(* Let $\psi\in\mathcal W^-$, let $Y$ be a measurable space with finite measures $\mu_k$ ($k\in\mathbb N$) and $\mu$, and let $f_k,f$ be bounded functions on $Y$ that are $\mu_k$-measurable and $\mu$-measurable respectively. If $\int_Y\psi(cf_k)\,d\mu_k\to\int_Y\psi(cf)\,d\mu$ for every $c\in[0,\infty)$, then $\|f_k\|_{\psi,\mu_k}\to\|f\|_{\psi,\mu}$.
   Context: $\mathcal W^-$: functions $\psi:[-\infty,\infty]\to[0,\infty]$, even, continuous on $\mathbb R$, $\psi(0)=0$, $\psi(\pm\infty)=\infty$, smooth, concave, strictly increasing on $(0,\infty)$. For a finite measure $\nu$ and measurable $g$, the weak quasi-norm is $\|g\|_{\psi,\nu}=\inf\{N>0:\int_Y\psi(g/N)\,d\nu\le1\}$. *)

From HB Require Import structures.
From mathcomp Require Import all_boot all_order all_algebra.
From mathcomp Require Import all_classical all_reals all_analysis.
Set Implicit Arguments. Unset Strict Implicit. Unset Printing Implicit Defensive.
Import Order.TTheory GRing.Theory Num.Theory.
Import numFieldNormedType.Exports.
Local Open Scope classical_set_scope.
Local Open Scope ring_scope.

(* The class W^- restricted to the real line (values at +-oo are never used,
   since only bounded functions are plugged in). psi : R -> R, nonnegative. *)
Definition smooth_pos (R : realType) (psi : R -> R) : Prop :=
  forall (n : nat) (x : R), 0 < x -> derivable (iter n (@derive1 R R) psi) x 1.

Definition Wminus (R : realType) (psi : R -> R) : Prop :=
  (forall x, 0 <= psi x) /\
  (forall x, psi (- x) = psi x) /\
  continuous psi /\
  psi 0 = 0 /\
  smooth_pos psi /\
  (forall x y t, 0 < x -> 0 < y -> 0 <= t -> t <= 1 ->
     t * psi x + (1 - t) * psi y <= psi (t * x + (1 - t) * y)) /\
  (forall x y, 0 < x -> x < y -> psi x < psi y).

(* weak quasi-norm  ||g||_{psi,nu} = inf {N > 0 : \int psi(g/N) dnu <= 1},
   taken in the extended reals (inf of the empty set is +oo). *)
Definition psi_norm (d : measure_display) (Y : measurableType d) (R : realType)
  (psi : R -> R) (nu : {measure set Y -> \bar R}) (g : Y -> R) : \bar R :=
  ereal_inf [set (N%:E)%E | N in [set N : R | 0 < N /\
     (\int[nu]_(y in [set: Y]) (psi (g y / N))%:E <= 1)%E]].

From HB Require Import structures.
From mathcomp Require Import all_boot all_order all_algebra.
From mathcomp Require Import all_classical all_reals all_analysis.
From mathcomp Require Import measurable_realfun.
Import Order.TTheory GRing.Theory Num.Theory.
Import numFieldNormedType.Exports.
Local Open Scope classical_set_scope.
Local Open Scope ring_scope.
Set Implicit Arguments. Unset Strict Implicit.

(** For fixed [g], the modular [N |-> \int psi (g / N)] is finite and
   nonincreasing on (0, +oo), and it is at most 1 for large [N] because psi is
   continuous at 0 and the measure is finite, so [||g||] is finite.  As psi is
   strictly increasing on [0, +oo), two values of the modular can only agree
   if [g = 0] a.e., where both vanish; hence the modular is < 1 on
   [(||g||, +oo)], while it is > 1 on [(0, ||g||)] by definition of the
   infimum.  With [a = ||f||], the modular of [f] is therefore < 1 at [a + e]
   and > 1 at [a - e]; both strict inequalities pass to the modulars of [f_k]
   for large [k], which pins [||f_k||] into [[a - e, a + e]]. *)

Definition psi_modular (d : measure_display) (Y : measurableType d)
  (R : realType) (psi : R -> R) (nu : {measure set Y -> \bar R}) (g : Y -> R)
  (N : R) : \bar R :=
  (\int[nu]_(y in [set: Y]) (psi (g y / N))%:E)%E.

Lemma bounded_fun_pos_bound (T : Type) (R : realFieldType) (g : T -> R) :
  bounded_fun g -> exists2 B, 0 < B & forall y, `|g y| <= B.
Proof.
case=> M [_ gM]; exists (`|M| + 1); first by rewrite ltr_pwDr.
by move=> y; apply: gM => //; rewrite (le_lt_trans (ler_norm M)) // ltrDl.
Qed.

Section Wminus.
Variables (R : realType) (psi : R -> R).
Hypothesis psiW : Wminus psi.

Lemma psi_ge0 x : 0 <= psi x.
Proof. by case: psiW. Qed.

Lemma psi_normr x : psi x = psi `|x|.
Proof. by case: psiW => _ [psiN _]; case: ler0P. Qed.

Lemma psi_continuous : continuous psi.
Proof. by case: psiW => _ [_ []]. Qed.

Lemma psi0 : psi 0 = 0.
Proof. by case: psiW => _ [_ [_ []]]. Qed.

Lemma psi_lt x y : 0 <= x -> x < y -> psi x < psi y.
Proof.
have psi_gt0_lt u v : 0 < u -> u < v -> psi u < psi v.
  by case: psiW => _ [_ [_ [_ [_ [_]]]]]; apply.
rewrite le0r => /orP[/eqP-> y0|]; last exact: psi_gt0_lt.
rewrite psi0 (le_lt_trans (psi_ge0 (y / 2))) // psi_gt0_lt ?divr_gt0 //.
by rewrite ltr_pdivrMr // ltr_pMr // ltr1n.
Qed.

Lemma psi_le x y : 0 <= x -> x <= y -> psi x <= psi y.
Proof. by move=> x0; rewrite le_eqVlt => /predU1P[->//|/(psi_lt x0)/ltW]. Qed.

Lemma psi_divr x N : 0 < N -> psi (x / N) = psi (`|x| / N).
Proof. by move=> N0; rewrite psi_normr normrM normfV (gtr0_norm N0). Qed.

Lemma psi_divr_le x M N : 0 < M -> M <= N -> psi (x / N) <= psi (x / M).
Proof.
move=> M0 MN; have N0 := lt_le_trans M0 MN.
rewrite psi_divr // [psi (x / M)]psi_divr //.
apply: psi_le; first by rewrite divr_ge0 // ltW.
by apply: ler_wpM2l => //; rewrite lef_pV2 ?posrE.
Qed.

Lemma psi_divr_lt x M N : x != 0 -> 0 < M -> M < N -> psi (x / N) < psi (x / M).
Proof.
move=> x0 M0 MN; have N0 := lt_trans M0 MN.
rewrite psi_divr // [psi (x / M)]psi_divr //.
apply: psi_lt; first by rewrite divr_ge0 // ltW.
by rewrite ltr_pM2l ?normr_gt0 // ltf_pV2.
Qed.

End Wminus.

Section Modular.
Variables (R : realType) (psi : R -> R).
Hypothesis psiW : Wminus psi.
Variables (d : measure_display) (Y : measurableType d)
  (nu : {finite_measure set Y -> \bar R}) (g : Y -> R).
Hypothesis g_bounded : bounded_fun g.
Hypothesis g_measurable : measurable_fun [set: Y] g.

Local Notation modular := (psi_modular psi nu g).
Local Notation norm := (psi_norm psi nu g).

Lemma measurable_psi_divr N : measurable_fun [set: Y] (fun y => psi (g y / N)).
Proof.
apply: (@measurableT_comp _ _ _ _ _ _ psi).
  exact: continuous_measurable_fun (psi_continuous psiW).
by apply: measurable_funM => //; exact: measurable_cst.
Qed.

Lemma measurable_EFin_psi_divr N :
  measurable_fun [set: Y] (fun y => (psi (g y / N))%:E).
Proof. exact/measurable_EFinP/measurable_psi_divr. Qed.

Lemma integrable_psi_divr N : 0 < N ->
  nu.-integrable [set: Y] (EFin \o (fun y => psi (g y / N))).
Proof.
move=> N0; have [B B0 gB] := bounded_fun_pos_bound g_bounded.
apply: measurable_bounded_integrable => //.
- exact/fin_num_fun_lty/fin_num_measure.
- exact: measurable_psi_divr.
exists (psi (B / N)); split; first exact: num_real.
move=> b Bb y _ /=; rewrite ger0_norm ?(psi_ge0 psiW) //.
apply/ltW/(le_lt_trans _ Bb); rewrite (psi_divr psiW) //.
apply: (psi_le psiW); first by rewrite divr_ge0 // ltW.
by rewrite ler_pM2r ?invr_gt0.
Qed.

Lemma psi_modular_fin_num N : 0 < N -> modular N \is a fin_num.
Proof. by move=> N0; apply/integrable_fin_num/integrable_psi_divr. Qed.

Lemma le_psi_modular M N : 0 < M -> M <= N -> (modular N <= modular M)%E.
Proof.
move=> M0 MN; apply: ge0_le_integral => //; try exact: measurable_EFin_psi_divr.
- by move=> y _; rewrite lee_fin (psi_ge0 psiW).
- by move=> y _; rewrite lee_fin (psi_divr_le psiW).
Qed.

Lemma lt_psi_modular M N :
  0 < M -> M < N -> modular N != 0%E -> (modular N < modular M)%E.
Proof.
move=> M0 MN; have N0 := lt_trans M0 MN.
rewrite lt_neqAle le_psi_modular ?ltW // andbT; apply: contra => /eqP IMN.
pose h y := psi (g y / M) - psi (g y / N).
have h_ae : ae_eq nu [set: Y] (EFin \o h) (cst 0%E).
  apply/ae_eq_integral_abs => //.
    by apply/measurable_EFinP/measurable_funB; exact: measurable_psi_divr.
  rewrite (eq_integral (fun y => (psi (g y / M))%:E - (psi (g y / N))%:E))%E.
    rewrite integralB_EFin //; try exact: integrable_psi_divr.
    by rewrite -/(modular M) -/(modular N) IMN subee // psi_modular_fin_num.
  by move=> y _; rewrite gee0_abs // lee_fin subr_ge0 (psi_divr_le psiW) // ltW.
apply/eqP; rewrite -(integral0 nu [set: Y]).
apply: ae_eq_integral => //; first exact: measurable_EFin_psi_divr.
apply: filterS h_ae => y /(_ I) /= /eqP; rewrite eqe subr_eq0 => /eqP psiMN _.
have [->|gy0] := eqVneq (g y) 0; first by rewrite mul0r (psi0 psiW).
by have := psi_divr_lt psiW gy0 M0 MN; rewrite psiMN ltxx.
Qed.

Lemma psi_modular_lt1 M N :
  0 < M -> M < N -> (modular M <= 1)%E -> (modular N < 1)%E.
Proof.
move=> M0 MN IM1; have [->|IN0] := eqVneq (modular N) 0%E; first exact: lte01.
exact: lt_le_trans (lt_psi_modular M0 MN IN0) IM1.
Qed.

Lemma exists_psi_modular_le1 : exists2 N, 0 < N & (modular N <= 1)%E.
Proof.
have [B B0 gB] := bounded_fun_pos_bound g_bounded.
set m := fine (nu [set: Y]).
have m0 : 0 <= m by apply: fine_ge0; exact: measure_ge0.
have psi_cvg0 : psi t @[t --> 0] --> 0.
  by rewrite -[X in _ --> X](psi0 psiW); exact: psi_continuous.
have psi_small : \forall t \near 0, psi t < (m + 1)^-1.
  by apply: cvgr_lt psi_cvg0 _ _; rewrite invr_gt0 ltr_wpDl.
have [t t0 psit] : exists2 t, 0 < t & psi t < (m + 1)^-1.
  move: psi_small => /nbhs_ballP[δ δ0 psiδ].
  exists (δ / 2); first by rewrite divr_gt0.
  apply: psiδ; rewrite /ball /= sub0r normrN gtr0_norm ?divr_gt0 //.
  by rewrite ltr_pdivrMr // ltr_pMr // ltr1n.
exists (B / t); first by rewrite divr_gt0.
apply: (@le_trans _ _ (\int[nu]_(y in [set: Y]) (cst (psi t)%:E) y)%E).
  apply: ge0_le_integral => //.
  - by move=> y _; rewrite lee_fin (psi_ge0 psiW).
  - exact: measurable_EFin_psi_divr.
  - move=> y _; rewrite lee_fin (psi_divr psiW) ?divr_gt0 //.
    apply: (psi_le psiW); first by rewrite divr_ge0 // ltW ?divr_gt0.
    by rewrite invf_div mulrA ler_pdivrMr // mulrC ler_pM2l.
rewrite integral_cst // -[X in (_ * X)%E]fineK ?fin_num_measure //.
rewrite -EFinM lee_fin.
apply: le_trans (ler_wpM2r m0 (ltW psit)) _.
by rewrite mulrC ler_pdivrMr ?ltr_wpDl // mul1r lerDl.
Qed.

Lemma psi_norm_le N : 0 < N -> (modular N <= 1)%E -> (norm <= N%:E)%E.
Proof. by move=> N0 IN; apply: ereal_inf_lbound; exists N. Qed.

Lemma psi_norm_ge0 : (0 <= norm)%E.
Proof. by apply/ereal_infP => _ [N [N0 _] <-]; rewrite lee_fin ltW. Qed.

Lemma psi_norm_ge N : 0 < N -> (1 < modular N)%E -> (N%:E <= norm)%E.
Proof.
move=> N0 IN; apply/ereal_infP => _ [M [M0 IM] <-]; rewrite lee_fin leNgt.
apply/negP => MN; have := le_trans (le_psi_modular M0 (ltW MN)) IM.
by rewrite leNgt IN.
Qed.

Lemma psi_modular_lt1_of_norm_lt N :
  0 < N -> (norm < N%:E)%E -> (modular N < 1)%E.
Proof.
move=> N0 /ereal_inf_ltP[_ [M [M0 IM] <-]]; rewrite lte_fin => MN.
exact: psi_modular_lt1 M0 MN IM.
Qed.

Lemma psi_modular_gt1_of_lt_norm N :
  0 < N -> (N%:E < norm)%E -> (1 < modular N)%E.
Proof.
move=> N0 Nnorm; rewrite ltNge; apply: contraTN Nnorm => IN.
by rewrite -leNgt psi_norm_le.
Qed.

Lemma psi_norm_fin_num : norm \is a fin_num.
Proof.
have [N N0 IN] := exists_psi_modular_le1.
rewrite ge0_fin_numE ?psi_norm_ge0 //.
exact: le_lt_trans (psi_norm_le N0 IN) (ltry N).
Qed.

End Modular.

Section ModularConvergence.
Variables (R : realType) (psi : R -> R).
Hypothesis psiW : Wminus psi.
Variables (d : measure_display) (Y : measurableType d)
  (nu_ : nat -> {finite_measure set Y -> \bar R}) (g_ : nat -> Y -> R)
  (l : \bar R) (N : R).
Hypothesis N_gt0 : 0 < N.
Hypothesis modular_cvg : psi_modular psi (nu_ k) (g_ k) N @[k --> \oo] --> l.

Lemma psi_norm_le_near : (l < 1)%E ->
  \forall k \near \oo, (psi_norm psi (nu_ k) (g_ k) <= N%:E)%E.
Proof.
move=> l_lt1.
have : \forall k \near \oo, (psi_modular psi (nu_ k) (g_ k) N < 1)%E.
  exact: modular_cvg (open_ereal_lt' l_lt1).
by apply: filterS => k /ltW; exact: psi_norm_le.
Qed.

Lemma psi_norm_ge_near : (forall k, measurable_fun [set: Y] (g_ k)) ->
  (1 < l)%E -> \forall k \near \oo, (N%:E <= psi_norm psi (nu_ k) (g_ k))%E.
Proof.
move=> g_measurable l_gt1.
have : \forall k \near \oo, (1 < psi_modular psi (nu_ k) (g_ k) N)%E.
  exact: modular_cvg (open_ereal_gt' l_gt1).
by apply: filterS => k; exact: psi_norm_ge.
Qed.

End ModularConvergence.

Theorem lemma2p7 (R : realType) (psi : R -> R) (d : measure_display)
  (Y : measurableType d) (mu_ : nat -> {finite_measure set Y -> \bar R})
  (mu : {finite_measure set Y -> \bar R}) (f_ : nat -> Y -> R) (f : Y -> R) :
  Wminus psi ->
  (forall k, bounded_fun (f_ k)) -> bounded_fun f ->
  (forall k, measurable_fun [set: Y] (f_ k)) -> measurable_fun [set: Y] f ->
  (forall c : R, 0 <= c ->
     ((fun k => \int[mu_ k]_(y in [set: Y]) (psi (c * f_ k y))%:E) @ \oo
       --> \int[mu]_(y in [set: Y]) (psi (c * f y))%:E)%E) ->
  (fun k => psi_norm psi (mu_ k) (f_ k)) @ \oo --> psi_norm psi mu f.
Proof.
move=> psiW fk_bounded f_bounded fk_measurable f_measurable integral_cvg.
have modular_cvg N : 0 < N ->
    psi_modular psi (mu_ k) (f_ k) N @[k --> \oo] --> psi_modular psi mu f N.
  move=> N0; rewrite /psi_modular.
  under eq_fun do under eq_integral do rewrite mulrC.
  under eq_integral do rewrite mulrC.
  by apply: integral_cvg; rewrite invr_ge0 ltW.
set a := fine (psi_norm psi mu f).
have norm_f : psi_norm psi mu f = a%:E by rewrite fineK ?psi_norm_fin_num.
have a_ge0 : 0 <= a by rewrite -lee_fin -norm_f psi_norm_ge0.
rewrite norm_f; apply/fine_cvgP; split.
  by apply: nearW => k; exact: psi_norm_fin_num.
apply/cvgrPdist_le => e e0.
have upper : \forall k \near \oo, (psi_norm psi (mu_ k) (f_ k) <= (a + e)%:E)%E.
  have ae0 : 0 < a + e by rewrite ltr_wpDl.
  apply: (psi_norm_le_near ae0 (modular_cvg _ ae0)).
  apply: (psi_modular_lt1_of_norm_lt psiW f_bounded f_measurable ae0).
  by rewrite norm_f lte_fin ltrDl.
have lower : \forall k \near \oo, ((a - e)%:E <= psi_norm psi (mu_ k) (f_ k))%E.
  have [ae0|ae0] := lerP (a - e) 0.
    apply: nearW => k.
    by rewrite (le_trans _ (psi_norm_ge0 psi (mu_ k) (f_ k))) ?lee_fin.
  apply: (psi_norm_ge_near psiW ae0 (modular_cvg _ ae0) fk_measurable).
  apply: (psi_modular_gt1_of_lt_norm ae0).
  by rewrite norm_f lte_fin gtrBl.
apply: filterS2 lower upper => k lo up /=.
rewrite ler_distlC -!lee_fin fineK ?lo ?up //.
exact: psi_norm_fin_num.
Qed.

• [To do]:
Wherever the string "measurableType" occurs in the records, copy the line it is in.

• [Solution to the exercise]:
Definition psi_norm (d : measure_display) (Y : measurableType d) (R : realType)
Definition psi_modular (d : measure_display) (Y : measurableType d)
Variables (d : measure_display) (Y : measurableType d)
Variables (d : measure_display) (Y : measurableType d)
  (Y : measurableType d) (mu_ : nat -> {finite_measure set Y -> \bar R})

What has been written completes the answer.